Lemma oddrep_twice_Nrep a b c m (g : Z3 -> bool -> Z3) : 1 <= a -> 1 <= b -> 1 <= c ->
  (forall t e, represents a b c m t -> odd3 (g t e) /\ represents a b c (4 * m) (g t e)) ->
  (forall t e t' e', represents a b c m t -> represents a b c m t' ->
     g t e = g t' e' -> t = t' /\ e = e') ->
  (forall s, odd3 s -> represents a b c (4 * m) s ->
     exists t e, represents a b c m t /\ g t e = s) ->
  oddrep a b c (4 * m) = (2 * Nrep a b c m)%nat.
Proof.
  intros Ha Hb Hc Hmaps Hinj Hsurj. rewrite Nrep_count3. unfold oddrep.
  apply count3_double with (g := g).
  - intro s. now apply is_oddrep_in_cube.
  - intro t. now apply is_rep_in_cube.
  - intros t e. rewrite sat_is_rep, sat_is_oddrep. apply Hmaps.
  - intros t e t' e'. rewrite !sat_is_rep. apply Hinj.
  - intros s. rewrite sat_is_oddrep. intros [Hodd Hs].
    destruct (Hsurj s Hodd Hs) as (t & e & Ht & <-). exists t, e. now rewrite sat_is_rep.
Qed.

Definition lift_1_4_15 (t : Z3) (e : bool) : Z3 :=
  let '(u, (v, w)) := t in let '(X, Z) := lift15 (2 * v) w e in (X, (u, Z)).

Lemma rep_1_4_15_parity m u v w : m mod 8 = 5 -> represents 1 4 15 m (u, (v, w)) ->
  u mod 2 = 1 /\ (2 * v - w) mod 4 = 2.
Proof.
  intros Hm E. hnf in E.
  assert (Hi : exists i, m = 8 * i + 5) by (exists (m / 8); Z.div_mod_to_equations; lia).
  destruct Hi as [i ->]. clear Hm.
  square_cases_on u; square_cases_on v; square_cases_on w; try lia;
    split; Z.div_mod_to_equations; lia.
Qed.
(* Let $\rho\ge 0$ and consider the two-dimensional Poisson regression model with interaction at $\boldsymbol{\beta}=(0,-1,-1,-\rho)^\top$ on $\mathcal{X}=[0,\infty)^2$. Let $\xi$ be a design on $\mathcal{X}$ with nonsingular information matrix that is invariant under the permutation $(x_1,x_2)\mapsto(x_2,x_1)$ of the coordinates. Then the deduced sensitivity function $d(\mathbf{x};\xi)$ attains its maximum over $\mathcal{X}$ on the boundary of $\mathcal{X}$ (points with $x_1=0$ or $x_2=0$) or on the diagonal of $\mathcal{X}$ (points with $x_1=x_2$); that is, $\sup_{\mathbf{x}\in\mathcal{X}} d(\mathbf{x};\xi)=\sup\{d(\mathbf{x};\xi): \mathbf{x}\in\mathcal{X},\ x_1=0\text{ or }x_2=0\text{ or }x_1=x_2\}$.
   Context: In the model, an observation at setting $\mathbf{x}=(x_1,x_2)$ is Poisson distributed with mean $\lambda(\mathbf{x})=\exp(\mathbf{f}(\mathbf{x})^\top\boldsymbol{\beta})$, where $\mathbf{f}(\mathbf{x})=(1,x_1,x_2,x_1x_2)^\top$; with $\boldsymbol{\beta}=(0,-1,-1,-\rho)^\top$ this is $\lambda(\mathbf{x})=\exp(-x_1-x_2-\rho x_1x_2)$. A design $\xi$ is a finite collection of distinct settings $\mathbf{x}_i\in\mathcal{X}$ with weights $w_i\ge0$ summing to $1$; its information matrix is $\mathbf{M}(\xi)=\sum_i w_i\lambda(\mathbf{x}_i)\mathbf{f}(\mathbf{x}_i)\mathbf{f}(\mathbf{x}_i)^\top$. The design is invariant under permutation if the setting $(x_2,x_1)$ carries the same weight as $(x_1,x_2)$ for every setting. The deduced sensitivity function is $d(\mathbf{x};\xi)=\mathbf{f}(\mathbf{x})^\top\mathbf{M}(\xi)^{-1}\mathbf{f}(\mathbf{x})/p-1/\lambda(\mathbf{x})$ with $p=4$. *)

From mathcomp Require Import all_boot all_order all_algebra.
From mathcomp Require Import all_classical all_reals all_analysis.
Set Implicit Arguments. Unset Strict Implicit. Unset Printing Implicit Defensive.
Import Order.TTheory GRing.Theory Num.Theory.
Local Open Scope ring_scope.
Local Open Scope classical_set_scope.

Section PoissonDesign.
Variable R : realType.

Definition fvec (x : R * R) : 'cV[R]_4 :=
  \col_(i < 4) [:: 1; x.1; x.2; x.1 * x.2]`_i.

(* intensity lambda(x) = exp(f(x)^T beta), beta = (0,-1,-1,-rho) *)
Definition lam (rho : R) (x : R * R) : R :=
  expR (- x.1 - x.2 - rho * (x.1 * x.2)).

Definition Xset : set (R * R) := [set x | 0 <= x.1 /\ 0 <= x.2].

Definition is_design (n : nat) (pts : 'I_n -> R * R) (w : 'I_n -> R) : Prop :=
  injective pts /\ (forall i, Xset (pts i)) /\ (forall i, 0 <= w i) /\
  \sum_(i < n) w i = 1.

Definition weight_at (n : nat) (pts : 'I_n -> R * R) (w : 'I_n -> R)
  (y : R * R) : R := \sum_(i < n | pts i == y) w i.

Definition swap_pt (x : R * R) : R * R := (x.2, x.1).

Definition perm_invariant (n : nat) (pts : 'I_n -> R * R) (w : 'I_n -> R) :
  Prop := forall i, weight_at pts w (swap_pt (pts i)) = w i.

Definition infoM (rho : R) (n : nat) (pts : 'I_n -> R * R) (w : 'I_n -> R)
  : 'M[R]_4 :=
  \sum_(i < n) ((w i * lam rho (pts i)) *: (fvec (pts i) *m (fvec (pts i))^T)).

(* deduced sensitivity function, p = 4 *)
Definition sens (rho : R) (n : nat) (pts : 'I_n -> R * R) (w : 'I_n -> R)
  (x : R * R) : R :=
  ((fvec x)^T *m invmx (infoM rho pts w) *m fvec x) 0 0 / 4%:R
  - (lam rho x)^-1.

End PoissonDesign.

(* The intensity is constant on the level curves x1 + x2 + rho x1 x2 = E, so
   it suffices to show that on each such curve the quadratic part
   q(x) = f(x)^T M^-1 f(x) of the sensitivity is maximal at the boundary point
   (E, 0) or at the diagonal point (u, u). Permutation invariance of the design
   makes M, hence M^-1, commute with the matrix exchanging the coordinates x1
   and x2 of f; the cross terms between the symmetric and antisymmetric parts
   of f(x) then vanish and q depends only on s = x1 + x2 and t = x1 x2. On the
   level curve s = E - rho t, so q is a quadratic in t whose leading
   coefficient is nonnegative because M^-1 is positive semidefinite. Such a
   function is maximal on [0, u^2] at an endpoint, and t = 0 and t = u^2 are
   exactly the two points above. *)

From mathcomp Require Import all_boot all_order all_algebra.
From mathcomp Require Import all_classical all_reals all_analysis.
From mathcomp Require Import fingroup perm ring lra.
Import Order.TTheory GRing.Theory Num.Theory.
Local Open Scope ring_scope.
Local Open Scope classical_set_scope.

Section QuadraticForm.
Variables (R : numFieldType) (n : nat).
Implicit Types (A : 'M[R]_n) (y z : 'cV[R]_n).

Definition mxform A y z : R := (y^T *m A *m z) 0 0.

Lemma mxformDl A y y' z : mxform A (y + y') z = mxform A y z + mxform A y' z.
Proof. by rewrite /mxform linearD !mulmxDl mxE. Qed.

Lemma mxformDr A y z z' : mxform A y (z + z') = mxform A y z + mxform A y z'.
Proof. by rewrite /mxform mulmxDr mxE. Qed.

Lemma mxformZl A a y z : mxform A (a *: y) z = a * mxform A y z.
Proof. by rewrite /mxform linearZ -!scalemxAl mxE. Qed.

Lemma mxformZr A a y z : mxform A y (a *: z) = a * mxform A y z.
Proof. by rewrite /mxform -scalemxAr mxE. Qed.

Lemma mxformNl A y z : mxform A (- y) z = - mxform A y z.
Proof. by rewrite -scaleN1r mxformZl mulN1r. Qed.

Lemma mxformNr A y z : mxform A y (- z) = - mxform A y z.
Proof. by rewrite -scaleN1r mxformZr mulN1r. Qed.

Lemma mxform_expand A y z t :
  mxform A (y + t *: z) (y + t *: z) =
  mxform A y y + t * (mxform A y z + mxform A z y) + t ^+ 2 * mxform A z z.
Proof. rewrite mxformDl !mxformDr !mxformZl !mxformZr; ring. Qed.

Lemma mxform_conj (P A : 'M[R]_n) y z :
  mxform (P^T *m A *m P) y z = mxform A (P *m y) (P *m z).
Proof. by rewrite /mxform trmx_mul !mulmxA. Qed.

Definition psdmx A := forall v, 0 <= mxform A v v.

Lemma psdmx_invmx A : A \in unitmx -> psdmx A -> psdmx (invmx A).
Proof.
move=> Au Apsd z; have := Apsd (invmx A *m z).
suff -> : mxform A (invmx A *m z) (invmx A *m z) = mxform (invmx A) z z by [].
rewrite /mxform trmx_mul -mulmxA (mulmxA A) mulmxV // mul1mx.
transitivity ((z^T *m invmx A *m z)^T 0 0); last by rewrite mxE.
by rewrite !trmx_mul trmxK mulmxA.
Qed.
End QuadraticForm.
Arguments mxform {R n} A y z.
Arguments psdmx {R n} A.
Arguments psdmx_invmx {R n A}.

Lemma comm_mx_invmx {R : comUnitRingType} {n} {P A : 'M[R]_n} :
  A \in unitmx -> comm_mx P A -> comm_mx P (invmx A).
Proof.
move=> Au PA; have := congr1 (fun X => invmx A *m X *m invmx A) PA => /=.
by rewrite mulKmx // !mulmxA mulmxK.
Qed.

Lemma convex_quadratic_le_max {R : realFieldType} (a b c t T : R) :
  0 <= a -> 0 <= t <= T ->
  a * t ^+ 2 + b * t + c <= Num.max c (a * T ^+ 2 + b * T + c).
Proof.
move=> a0 /andP[t0 tT]; rewrite le_max; apply/orP.
have [|ct] := leP (a * t ^+ 2 + b * t + c) c; [by left | right].
have slope_t : 0 < a * t + b.
  rewrite ltNge; apply/negP => slope_le0.
  have : t * (a * t + b) <= 0 by rewrite mulr_ge0_le0.
  nra.
have : 0 <= (T - t) * (a * (T + t) + b).
  by rewrite mulr_ge0 // ?subr_ge0 //; nra.
nra.
Qed.

Lemma diag_level_root {R : rcfType} {rho E : R} : 0 <= rho -> 0 <= E ->
  exists2 u, 0 <= u & 2 * u + rho * u ^+ 2 = E.
Proof.
move=> rho0 E0.
have disc0 : 0 <= 1 + rho * E by rewrite addr_ge0 ?mulr_ge0.
set r := Num.sqrt (1 + rho * E).
have r0 : 0 <= r := sqrtr_ge0 _.
have r2 : r ^+ 2 = 1 + rho * E by rewrite sqr_sqrtr.
have r1 : 1 + r != 0 by rewrite gt_eqF // ltr_pwDl.
exists (E / (1 + r)); first by rewrite divr_ge0 ?addr_ge0.
apply/eqP; rewrite -subr_eq0.
have -> : 2 * (E / (1 + r)) + rho * (E / (1 + r)) ^+ 2 - E =
          E * (1 + rho * E - r ^+ 2) / (1 + r) ^+ 2 by field.
by rewrite r2 subrr mulr0 mul0r.
Qed.

Lemma mul_le_sqr_of_level {R : realFieldType} {rho x1 x2 u : R} :
  0 <= rho -> 0 <= x1 -> 0 <= x2 -> 0 <= u ->
  2 * u + rho * u ^+ 2 = x1 + x2 + rho * (x1 * x2) -> x1 * x2 <= u ^+ 2.
Proof.
move=> r0 x10 x20 u0 lev; rewrite leNgt; apply/negP => lt_u2.
have lt_sum : 2 * u < x1 + x2.
  rewrite ltNge; apply/negP => le_sum.
  have : (x1 + x2) ^+ 2 <= (2 * u) ^+ 2 by rewrite ler_pXn2r // nnegrE; lra.
  have := sqr_ge0 (x1 - x2); nra.
have : rho * u ^+ 2 <= rho * (x1 * x2) by rewrite ler_wpM2l // ltW.
lra.
Qed.

Lemma ereal_sup_dominated (R : realType) (T : Type) (f : T -> R) (A B : set T) :
  B `<=` A -> (forall x, A x -> exists2 y, B y & f x <= f y) ->
  ereal_sup [set (f x)%:E | x in A] = ereal_sup [set (f x)%:E | x in B].
Proof.
move=> BA dom; apply/eqP; rewrite eq_le; apply/andP; split.
- apply: ub_ereal_sup => _ [x Ax <-]; have [y By fxy] := dom x Ax.
  by apply: le_ereal_sup_tmp; exists (f y)%:E; [exists y | rewrite lee_fin].
- by apply: ereal_sup_le => _ [x Bx <-]; exists x => //; exact: BA.
Qed.

Section Swap.
Variable R : realType.

Definition col4 (a b c d : R) : 'cV[R]_4 := \col_(i < 4) [:: a; b; c; d]`_i.

Definition swap_mx : 'M[R]_4 := perm_mx (tperm (1 : 'I_4) 2).

Lemma swap_col4 a b c d : swap_mx *m col4 a b c d = col4 a c b d.
Proof.
apply/matrixP => i j; rewrite -row_permE !mxE permE /=.
by case: i => [[|[|[|[|]]]] Hi].
Qed.

Lemma tr_swap_mx : swap_mx^T = swap_mx.
Proof. by rewrite tr_perm_mx tpermV. Qed.

Lemma swap_mxK : swap_mx *m swap_mx = 1%:M.
Proof. by rewrite -perm_mxM tperm2 perm_mx1. Qed.

Lemma fvec_swap x : swap_mx *m fvec x = fvec (swap_pt x).
Proof. by rewrite swap_col4 /fvec /= mulrC. Qed.

Lemma swap_ptK : involutive (@swap_pt R).
Proof. by case. Qed.

Lemma lam_swap (rho : R) x : lam rho (swap_pt x) = lam rho x.
Proof. by rewrite /lam /=; congr expR; ring. Qed.
End Swap.
Arguments col4 {R}.
Arguments swap_mx {R}.

Section SwapInvariantForm.
Variables (R : realType) (A : 'M[R]_4).
Hypothesis A_swap : comm_mx swap_mx A.
Hypothesis A_psd : psdmx A.

Definition symvec (s t : R) : 'cV[R]_4 := col4 1 (s / 2) (s / 2) t.
Definition antivec : 'cV[R]_4 := col4 0 1 (-1) 0.

Lemma fvec_split x :
  fvec x = symvec (x.1 + x.2) (x.1 * x.2) + ((x.1 - x.2) / 2) *: antivec.
Proof.
apply/matrixP => i j; rewrite !mxE.
by case: i => [[|[|[|[|]]]] Hi] //=; field.
Qed.

Lemma mxform_swap y z : mxform A (swap_mx *m y) (swap_mx *m z) = mxform A y z.
Proof.
by rewrite -mxform_conj tr_swap_mx -mulmxA -A_swap mulmxA swap_mxK mul1mx.
Qed.

Lemma mxform_symvec_antivec s t :
  mxform A (symvec s t) antivec = 0 /\ mxform A antivec (symvec s t) = 0.
Proof.
have Pg : swap_mx *m symvec s t = symvec s t by rewrite swap_col4.
have Pe : swap_mx *m antivec = - antivec.
  by rewrite swap_col4 /antivec /col4; apply/matrixP => i j; rewrite !mxE;
     case: i => [[|[|[|[|]]]] Hi] //=; rewrite ?opprK ?oppr0.
split.
  by have := mxform_swap (symvec s t) antivec; rewrite Pg Pe mxformNr; lra.
by have := mxform_swap antivec (symvec s t); rewrite Pg Pe mxformNl; lra.
Qed.

Definition sym_form (s t : R) : R :=
  mxform A (symvec s t) (symvec s t) +
  (s ^+ 2 / 4 - t) * mxform A antivec antivec.

Lemma mxform_fvec x :
  mxform A (fvec x) (fvec x) = sym_form (x.1 + x.2) (x.1 * x.2).
Proof.
have [sym_anti anti_sym] := mxform_symvec_antivec (x.1 + x.2) (x.1 * x.2).
by rewrite fvec_split mxform_expand sym_anti anti_sym /sym_form; field.
Qed.

Lemma sym_form_level_quadratic (rho E : R) : exists2 a, 0 <= a & exists b,
  forall t, sym_form (E - rho * t) t = a * t ^+ 2 + b * t + sym_form E 0.
Proof.
pose h := col4 0 (- rho / 2) (- rho / 2) 1.
pose c := mxform A antivec antivec.
have symvec_level t : symvec (E - rho * t) t = symvec E 0 + t *: h.
  apply/matrixP => i j; rewrite !mxE.
  by case: i => [[|[|[|[|]]]] Hi] //=; field.
exists (mxform A h h + rho ^+ 2 / 4 * c).
  apply: addr_ge0; first exact: A_psd.
  by apply: mulr_ge0; [rewrite divr_ge0 ?sqr_ge0 | exact: A_psd].
exists (mxform A (symvec E 0) h + mxform A h (symvec E 0)
        - (rho * E / 2 + 1) * c).
by move=> t; rewrite /sym_form symvec_level mxform_expand /c; field.
Qed.

Lemma mxform_fvec_dominated (rho : R) x : 0 <= rho -> Xset x ->
  exists2 P, Xset P /\ (P.1 = 0 \/ P.2 = 0 \/ P.1 = P.2) &
    lam rho P = lam rho x /\
    mxform A (fvec x) (fvec x) <= mxform A (fvec P) (fvec P).
Proof.
case: x => x1 x2 rho0 [/= x10 x20].
set E := x1 + x2 + rho * (x1 * x2).
have E0 : 0 <= E by rewrite /E !addr_ge0 ?mulr_ge0.
have [u u0 lev] := diag_level_root rho0 E0.
have t_le := mul_le_sqr_of_level rho0 x10 x20 u0 lev.
have lam_level y : y.1 + y.2 + rho * (y.1 * y.2) = E -> lam rho y = expR (- E).
  by rewrite /lam => <-; congr expR; ring.
have [a a0 [b phi]] := sym_form_level_quadratic rho E.
have t_bounds : 0 <= x1 * x2 <= u ^+ 2 by rewrite mulr_ge0.
have := convex_quadratic_le_max a b (sym_form E 0) _ _ a0 t_bounds.
rewrite -!phi.
have -> : E - rho * (x1 * x2) = x1 + x2 by rewrite /E; ring.
have -> : E - rho * u ^+ 2 = u + u by rewrite -lev; ring.
rewrite -(mxform_fvec (x1, x2)) [u ^+ 2]expr2 le_max => /orP[le_edge | le_diag].
- exists (E, 0); first by split; [split => //= | right; left].
  split; first by rewrite !lam_level //=; ring.
  by rewrite (mxform_fvec (E, 0)) /= addr0 mulr0.
- exists (u, u); first by split; [split => //= | right; right].
  split; first by rewrite !lam_level //= -lev; ring.
  by rewrite (mxform_fvec (u, u)).
Qed.
End SwapInvariantForm.
Arguments mxform_fvec_dominated {R A} A_swap A_psd {rho x}.

Section SymmetricDesign.
Variables (R : realType) (rho : R) (n : nat).
Variables (pts : 'I_n -> R * R) (w : 'I_n -> R).
Hypothesis design : is_design pts w.
Hypothesis invariant : perm_invariant pts w.

Lemma weight_at_pts j : weight_at pts w (pts j) = w j.
Proof.
case: design => pts_inj _.
rewrite /weight_at (eq_bigl (pred1 j)) ?big_pred1_eq // => k.
exact: inj_eq.
Qed.

Lemma sum_swap_pt {V : lmodType R} (G : R * R -> V) :
  \sum_(k < n) w k *: G (swap_pt (pts k)) = \sum_(k < n) w k *: G (pts k).
Proof.
(* Term k on the left is spread over the indices j with pts j = swap_pt (pts k),
   whose weights add up to w k. *)
have w_swap j k : pts j = swap_pt (pts k) -> w j = w k.
  by move=> e; rewrite -(invariant k) -e weight_at_pts.
transitivity
  (\sum_(k < n) \sum_(j < n | pts j == swap_pt (pts k)) w j *: G (pts j)).
  apply: eq_bigr => k _; rewrite -{1}(invariant k) /weight_at scaler_suml.
  by apply: eq_bigr => j /eqP ->.
rewrite (exchange_big_dep xpredT) //=; apply: eq_bigr => j _.
rewrite -scaler_suml -{2}(invariant j) /weight_at; congr (_ *: _).
apply: eq_big => [k | k /eqP /w_swap //].
by apply/eqP/eqP => ->; rewrite swap_ptK.
Qed.

Lemma infoM_swap : comm_mx swap_mx (infoM rho pts w).
Proof.
have conj : swap_mx *m infoM rho pts w *m swap_mx = infoM rho pts w.
  rewrite /infoM mulmx_sumr mulmx_suml.
  have term y : swap_mx *m (fvec y *m (fvec y)^T) *m swap_mx =
      fvec (swap_pt y) *m (fvec (swap_pt y))^T.
    by rewrite -fvec_swap trmx_mul tr_swap_mx !mulmxA.
  under eq_bigr do rewrite -scalemxAr -scalemxAl term -scalerA -lam_swap.
  under [RHS]eq_bigr do rewrite -scalerA.
  exact: (sum_swap_pt (fun y => lam rho y *: (fvec y *m (fvec y)^T))).
by rewrite /comm_mx -{2}conj -mulmxA swap_mxK mulmx1.
Qed.

Lemma psdmx_infoM : psdmx (infoM rho pts w).
Proof.
move=> v; rewrite /mxform /infoM mulmx_sumr mulmx_suml summxE.
apply: sumr_ge0 => k _; case: design => _ [_ [w_ge0 _]].
rewrite -scalemxAr -scalemxAl mxE mulr_ge0 ?mulr_ge0 ?expR_ge0 //.
rewrite !mulmxA -(mulmxA _ _ v) -[v^T *m _]trmxK trmx_mul trmxK.
by rewrite mxE big_ord1 mxE -expr2 sqr_ge0.
Qed.
End SymmetricDesign.
Arguments infoM_swap {R} rho {n pts w}.
Arguments psdmx_infoM {R} rho {n pts w}.

Theorem lemma2 (R : realType) (rho : R) (n : nat)
  (pts : 'I_n -> R * R) (w : 'I_n -> R) :
  0 <= rho ->
  is_design pts w ->
  perm_invariant pts w ->
  infoM rho pts w \in unitmx ->
  ereal_sup [set (sens rho pts w x)%:E | x in Xset (R:=R)] =
  ereal_sup [set (sens rho pts w x)%:E | x in
     [set x : R * R | Xset x /\ (x.1 = 0 \/ x.2 = 0 \/ x.1 = x.2)]].
Proof.
move=> rho0 design invariant M_unit.
have A_swap := comm_mx_invmx M_unit (infoM_swap rho design invariant).
have A_psd := psdmx_invmx M_unit (psdmx_infoM rho design).
apply: ereal_sup_dominated => [x [] // | x Xx].
have [P PB [lamP le_form]] := mxform_fvec_dominated A_swap A_psd rho0 Xx.
by exists P => //; rewrite /sens lamP lerD2r ler_pM2r.
Qed.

◇ ◇ ◇ ◇ ◇

- What to do
Every line above from the line with "by rewrite mulKmx // !mulmxA mulmxK." to the line with "have [|ct] := leP" is wanted, ends included; write them out exactly and add no other line.

- Solution for this problem
by rewrite mulKmx // !mulmxA mulmxK.
Qed.

Lemma convex_quadratic_le_max {R : realFieldType} (a b c t T : R) :
  0 <= a -> 0 <= t <= T ->
  a * t ^+ 2 + b * t + c <= Num.max c (a * T ^+ 2 + b * T + c).
Proof.
move=> a0 /andP[t0 tT]; rewrite le_max; apply/orP.
have [|ct] := leP (a * t ^+ 2 + b * t + c) c; [by left | right].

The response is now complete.